Lemma integral_lap_pdf_itvNyo_le0 s : s <= 0 ->
  (\int[mu]_(x in `]-oo, s[) (pdf x)%:E = (expR (s / b) / 2)%:E)%E.
Proof.
move=> s0.
rewrite integral_itv_bndo_bndc; last by apply/measurable_EFinP; exact: measurable_lap_pdf.
rewrite -[s]opprK ge0_integration_by_substitutionNy; last 2 first.
- exact/continuous_subspaceT/continuous_lap_pdf.
- by move=> x _; exact: lap_pdf_ge0.
rewrite (@eq_integral _ _ _ mu _ (fun x => (pdf x)%:E)); last first.
  by move=> x _; rewrite /= /lap_pdf normrN.
by rewrite integral_lap_pdf_itvcy ?oppr_ge0 // opprK.
Qed.

Lemma integral_lap_pdf_split s :
  (\int[mu]_(x in [set: R]) (pdf x)%:E =
   \int[mu]_(x in `]-oo, s[) (pdf x)%:E + \int[mu]_(x in `[s, +oo[) (pdf x)%:E)%E.
Proof.
rewrite -(setUv `]-oo, s[%classic) ge0_integral_setU //=; last 4 first.
- exact: measurableC.
- by apply/measurable_EFinP; exact: measurable_lap_pdf.
- by move=> x _; rewrite lee_fin lap_pdf_ge0.
- exact/disj_setPCl.
by rewrite setCitvl.
Qed.

Lemma integral_lap_pdf : (\int[mu]_(x in [set: R]) (pdf x)%:E = 1)%E.
Proof.
rewrite (integral_lap_pdf_split 0) integral_lap_pdf_itvNyo_le0 //.
rewrite integral_lap_pdf_itvcy // -EFinD oppr0 !mul0r expR0; congr EFin; lra.
Qed.

Lemma integral_lap_pdf_itvNyo_ge0 s : 0 <= s ->
  (\int[mu]_(x in `]-oo, s[) (pdf x)%:E = (1 - expR (- s / b) / 2)%:E)%E.
Proof.
move=> s0; have := integral_lap_pdf_split s.
rewrite integral_lap_pdf integral_lap_pdf_itvcy //.
have : (0 <= \int[mu]_(x in `]-oo, s[) (pdf x)%:E)%E.
  by apply: integral_ge0 => x _; rewrite lee_fin lap_pdf_ge0.
case: (\int[mu]_(x in `]-oo, s[) (pdf x)%:E)%E => // r _.
by rewrite -EFinD => -[H]; congr EFin; lra.
Qed.

Definition lap_prob (E : R -> bool) : \bar R :=
  (\int[mu]_(y in [set: R]) ((pdf y)%:E * (E y)%:R%:E))%E.

Lemma measurable_lap_prob_integrand (E : R -> bool) : measurable_fun setT E ->
  measurable_fun setT (fun y => ((pdf y)%:E * (E y)%:R%:E)%E).
Proof.
move=> mE; apply/measurable_EFinP.
rewrite (_ : (fun x => _) = (fun y => pdf y * (if E y then 1 else 0))); last first.
  by apply/funext => y /=; case: (E y).
apply: measurable_funM; first exact: measurable_lap_pdf.
exact: measurable_fun_ifT.
Qed.

Lemma lap_prob_ge0 E : (0 <= lap_prob E)%E.
Proof.
by apply: integral_ge0 => y _; rewrite mule_ge0 // lee_fin ?lap_pdf_ge0 ?ler0n.
Qed.

Lemma le_lap_prob (E1 E2 : R -> bool) :
  measurable_fun setT E1 -> measurable_fun setT E2 ->
  (forall y, E1 y -> E2 y) -> (lap_prob E1 <= lap_prob E2)%E.
Proof.
move=> m1 m2 E12; apply: ge0_le_integral => //.
- by move=> y _; rewrite mule_ge0 // lee_fin ?lap_pdf_ge0 ?ler0n.
- exact: measurable_lap_prob_integrand.
- exact: measurable_lap_prob_integrand.
move=> y _; rewrite lee_wpmul2l ?lee_fin ?lap_pdf_ge0 //.
by case E: (E1 y); [rewrite (E12 _ E) | rewrite ler0n].
Qed.

Lemma lap_prob_le1 E : measurable_fun setT E -> (lap_prob E <= 1)%E.
Proof.
move=> mE; rewrite -integral_lap_pdf; apply: ge0_le_integral => //.
- by move=> y _; rewrite mule_ge0 // lee_fin ?lap_pdf_ge0 ?ler0n.
- exact: measurable_lap_prob_integrand.
- by apply/measurable_EFinP; exact: measurable_lap_pdf.
move=> y _; rewrite -[leRHS]mule1 lee_wpmul2l ?lee_fin ?lap_pdf_ge0 //.
by case: (E y); rewrite ?ler01.
Qed.

Lemma lap_prob_lt s :
  lap_prob (fun y => y < s) = (\int[mu]_(x in `]-oo, s[) (pdf x)%:E)%E.
Proof.
rewrite [RHS]integral_mkcond /lap_prob; apply: eq_integral => y _.
rewrite patchE; case: ifPn => [/set_mem /=|ys].
  by rewrite in_itv /= => ->; rewrite mule1.
rewrite (_ : (y < s) = false) ?mule0 //.
by apply/negbTE; apply: contra ys => ys; apply: mem_set; rewrite /= in_itv /= ys.
Qed.

End laplace.

Section laplace_cdf.
Variables (R : realType) (b : R).
Hypothesis b0 : 0 < b.
Notation prob := (@lap_prob R b).

Lemma lap_cdf_le0 s : s <= 0 -> prob (fun y => y < s) = (expR (s / b) / 2)%:E.
Proof. by move=> s0; rewrite lap_prob_lt integral_lap_pdf_itvNyo_le0. Qed.

Lemma lap_cdf_ge0 s : 0 <= s -> prob (fun y => y < s) = (1 - expR (- s / b) / 2)%:E.
Proof. by move=> s0; rewrite lap_prob_lt integral_lap_pdf_itvNyo_ge0. Qed.

Lemma lap_cdf_shift s d : 0 <= d ->
  (prob (fun y => (y < s)%R) <= (expR (d / b))%:E * prob (fun y => (y < s - d)%R))%E.
Proof.
move=> d0.
have [s0|s0] := leP s 0.
  rewrite !lap_cdf_le0 //; last lra.
  by rewrite -EFinM lee_fin mulrA -expRD mulrBl addrC subrK.
have [sd0|sd0] := leP (s - d) 0.
  rewrite lap_cdf_ge0 ?(ltW s0) // lap_cdf_le0 // -EFinM lee_fin mulrA -expRD.
  rewrite -mulrDl [d + _]addrC subrK mulNr expRN.
  have p0 : 0 < expR (s / b) := expR_gt0 _.
  set p := expR (s / b) in p0 *.
  have pK : p * p^-1 = 1 by rewrite divff // gt_eqF.
  have : 0 <= (p - 1) ^+ 2 * p^-1 by rewrite mulr_ge0 ?sqr_ge0 ?invr_ge0 ?ltW.
  rewrite expr2; nra.
rewrite lap_cdf_ge0 ?(ltW s0) // lap_cdf_ge0; last lra.
rewrite -EFinM lee_fin.
have -> : expR (- (s - d) / b) = expR (- s / b) * expR (d / b).
  by rewrite -expRD; congr expR; rewrite mulNr mulrBl opprB mulNr addrC.
have p1 : 1 <= expR (d / b) by rewrite -expR0 ler_expR divr_ge0 // ltW.
have qp1 : expR (- s / b) * expR (d / b) < 1.
  by rewrite -expRD -expR0 ltr_expR -mulrDl pmulr_llt0 ?invr_gt0 //; lra.
have q0 : 0 <= expR (- s / b) := expR_ge0 _.
set p := expR (d / b) in p1 qp1 *; set q := expR (- s / b) in q0 qp1 *.
(* p (1 - q p / 2) - (1 - q / 2) = (p - 1) (2 - q p - q) / 2 *)
have : 0 <= (p - 1) * (2 - q * p - q) by rewrite mulr_ge0 //; nra.
nra.
Qed.

Lemma lap_cdf_near_one s : 1 <= b * ln b -> b * ln b - 1 <= s ->
  (1 <= (expR (2 / b))%:E * prob (fun y => (y < s)%R))%E.
Proof.
(* With p = e^(1/b) and u = p / b <= 1 (as 1/b <= ln b): e^(-s/b) <= u and
   p^2 >= 1 + u, so p^2 (1 - e^(-s/b) / 2) >= (1 + u) (1 - u / 2) >= 1. *)
move=> bl1 hs.
rewrite lap_cdf_ge0; last lra.
rewrite -EFinM lee_fin.
have eb : expR (ln b) = b by rewrite lnK // posrE.
have y0 : 0 < b^-1 by rewrite invr_gt0.
have -> : expR (2 / b) = expR b^-1 ^+ 2.
  by rewrite expr2 -expRD; congr expR; rewrite mulrC mulr_natr mulr2n.
have p1y : 1 + b^-1 <= expR b^-1 := expR_ge1Dx _.
have u1 : b^-1 * expR b^-1 <= 1.
  rewrite -(ler_pM2l b0) mulrA divff ?gt_eqF // mul1r mulr1 -[leRHS]eb ler_expR.
  by rewrite -(ler_pM2l b0) divff ?gt_eqF.
have eu : expR (- s / b) <= b^-1 * expR b^-1.
  have -> : b^-1 * expR b^-1 = expR (- ln b + b^-1) by rewrite expRD expRN eb.
  rewrite ler_expR (_ : - ln b + b^-1 = - (b * ln b - 1) / b); last first.
    by field; rewrite gt_eqF.
  by rewrite !mulNr lerN2 ler_wpM2r // ltW.
set p := expR b^-1 in p1y u1 eu *; set u := b^-1 * p in u1 eu.
have u0 : 0 <= u by rewrite mulr_ge0 ?expR_ge0 ?ltW.
have pu : 1 + u <= p ^+ 2 by rewrite expr2 /u; nra.
have : (1 + u) * (1 - u / 2) <= p ^+ 2 * (1 - expR (- s / b) / 2).
  by apply: ler_pM => //; lra.
nra.
Qed.

End laplace_cdf.

Section iprob.
Variables (R : realType) (b : R).
Hypothesis b0 : 0 < b.
Notation iprob := (@iprob R b).

Lemma iprob_ge0 n P : (0 <= iprob n P)%E.
Proof.
elim: n P => [|n IH] P /=; first by rewrite lee_fin ler0n.
by apply: integral_ge0 => y _; rewrite mule_ge0 // lee_fin lap_pdf_ge0.
Qed.

Lemma iprob_pred0 n : iprob n (fun _ => false) = 0%E.
Proof. by elim: n => [|n IH] //=; apply: integral0_eq => y _; rewrite IH mule0. Qed.

Lemma iprob_andl n (c : bool) Q :
  iprob n (fun v => c && Q v) = (c%:R%:E * iprob n Q)%E.
Proof. by case: c; rewrite ?mul1e ?mul0e // iprob_pred0. Qed.

Lemma iprob_all_cons n (E : nat -> R -> bool) : measurable_fun setT (E 0%N) ->
  iprob n.+1 (fun V => all (fun j => E j (V j)) (iota 0 n.+1)) =
  (lap_prob b (E 0%N) * iprob n (fun V => all (fun j => E j.+1 (V j)) (iota 0 n)))%E.
Proof.
move=> mE /=; rewrite /lap_prob -ge0_integralZr //; last 3 first.
- exact: measurable_lap_prob_integrand.
- by move=> y _; rewrite mule_ge0 // lee_fin ?lap_pdf_ge0 ?ler0n.
- exact: iprob_ge0.
apply: eq_integral => y _; rewrite -muleA -iprob_andl.
congr (_ * iprob _ _)%E; apply/funext => v /=; congr (_ && _).
by rewrite -[1%N]addn0 iotaDl all_map.
Qed.

Lemma iprob_all_le_prod n (E1 E2 : nat -> R -> bool) (C : nat -> R) :
  (forall j, measurable_fun setT (E1 j)) -> (forall j, measurable_fun setT (E2 j)) ->
  (forall j, 0 <= C j) ->
  (forall j, (j < n)%N -> (lap_prob b (E1 j) <= (C j)%:E * lap_prob b (E2 j))%E) ->
  (iprob n (fun V => all (fun j => E1 j (V j)) (iota 0 n)) <=
   (\prod_(0 <= j < n) C j)%:E * iprob n (fun V => all (fun j => E2 j (V j)) (iota 0 n)))%E.
Proof.
elim: n E1 E2 C => [|n IH] E1 E2 C m1 m2 C0 E12; first by rewrite big_geq // mul1e.
rewrite !iprob_all_cons // big_nat_recl // EFinM -muleA (muleCA _ (lap_prob _ _)) muleA.
apply: lee_pmul; [exact: lap_prob_ge0 | exact: iprob_ge0 | exact: E12 |].
by apply: (IH (fun j => E1 j.+1) (fun j => E2 j.+1) (fun j => C j.+1)) => // j jn; apply: E12.
Qed.

End iprob.

Section threshold_round.
Variables (R : realType) (Dl t : R).

Definition round_event (u : R) (ans : bool) (y : R) : bool :=
  (u + Num.min y Dl < t) == ~~ ans.

Lemma measurable_round_event u ans : measurable_fun setT (round_event u ans).
Proof.
have mbot : measurable_fun setT (fun y : R => u + Num.min y Dl < t).
  by apply: measurable_fun_ltr => //; apply: measurable_funD => //; exact: measurable_minr.
rewrite (_ : round_event u ans =
             fun y => if ans then ~~ (u + Num.min y Dl < t) else u + Num.min y Dl < t).
  by case: ans => //; exact: measurable_neg.
by apply/funext => y; rewrite /round_event; case: ans; case: (_ < _).
Qed.

Lemma round_event_top_le u u' y :
  u <= u' -> round_event u true y -> round_event u' true y.
Proof. by rewrite /round_event /= !eqbF_neg -!leNgt => ? ?; lra. Qed.

Lemma round_event_bot_le u u' y :
  u' <= u -> round_event u false y -> round_event u' false y.
Proof. by rewrite /round_event /= !eqb_id => ? ?; lra. Qed.

Variable b : R.
Hypotheses (b0 : 0 < b) (DlE : Dl = b * ln b) (Dl1 : 1 <= Dl).

Let mlt s : measurable_fun setT (fun y : R => y < s).
Proof. exact: measurable_fun_ltr. Qed.

Let minl y : Num.min y Dl <= y. Proof. by rewrite ge_min lexx. Qed.
Let minr y : Num.min y Dl <= Dl. Proof. by rewrite ge_min lexx orbT. Qed.

Lemma lap_prob_bot_special (u d : R) : d <= 1 -> t - d - Dl <= u < t - Dl ->
  (lap_prob b (round_event u false) <=
   (expR (2 / b))%:E * lap_prob b (round_event (u + d) false))%E.
Proof.
move=> d1 /andP[hl hr].
apply: le_trans (lap_prob_le1 b0 (measurable_round_event _ _)) _.
have bl1 : 1 <= b * ln b by rewrite -DlE.
have hs : b * ln b - 1 <= t - u - d by rewrite -DlE; lra.
apply: le_trans (lap_cdf_near_one b0 bl1 hs) _.
apply: lee_wpmul2l; first by rewrite lee_fin expR_ge0.
apply: (le_lap_prob b0 (mlt _) (measurable_round_event _ _)) => y yt.
by rewrite /round_event eqb_id; have := minl y; lra.
Qed.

Exercise goal:
Would you quote everything above from the line containing "(lap_prob b (round_event" down to the line containing "apply: lee_wpmul2l; first"? Include both of those lines and nothing else.

Result of the task:
  (lap_prob b (round_event u false) <=
   (expR (2 / b))%:E * lap_prob b (round_event (u + d) false))%E.
Proof.
move=> d1 /andP[hl hr].
apply: le_trans (lap_prob_le1 b0 (measurable_round_event _ _)) _.
have bl1 : 1 <= b * ln b by rewrite -DlE.
have hs : b * ln b - 1 <= t - u - d by rewrite -DlE; lra.
apply: le_trans (lap_cdf_near_one b0 bl1 hs) _.
apply: lee_wpmul2l; first by rewrite lee_fin expR_ge0.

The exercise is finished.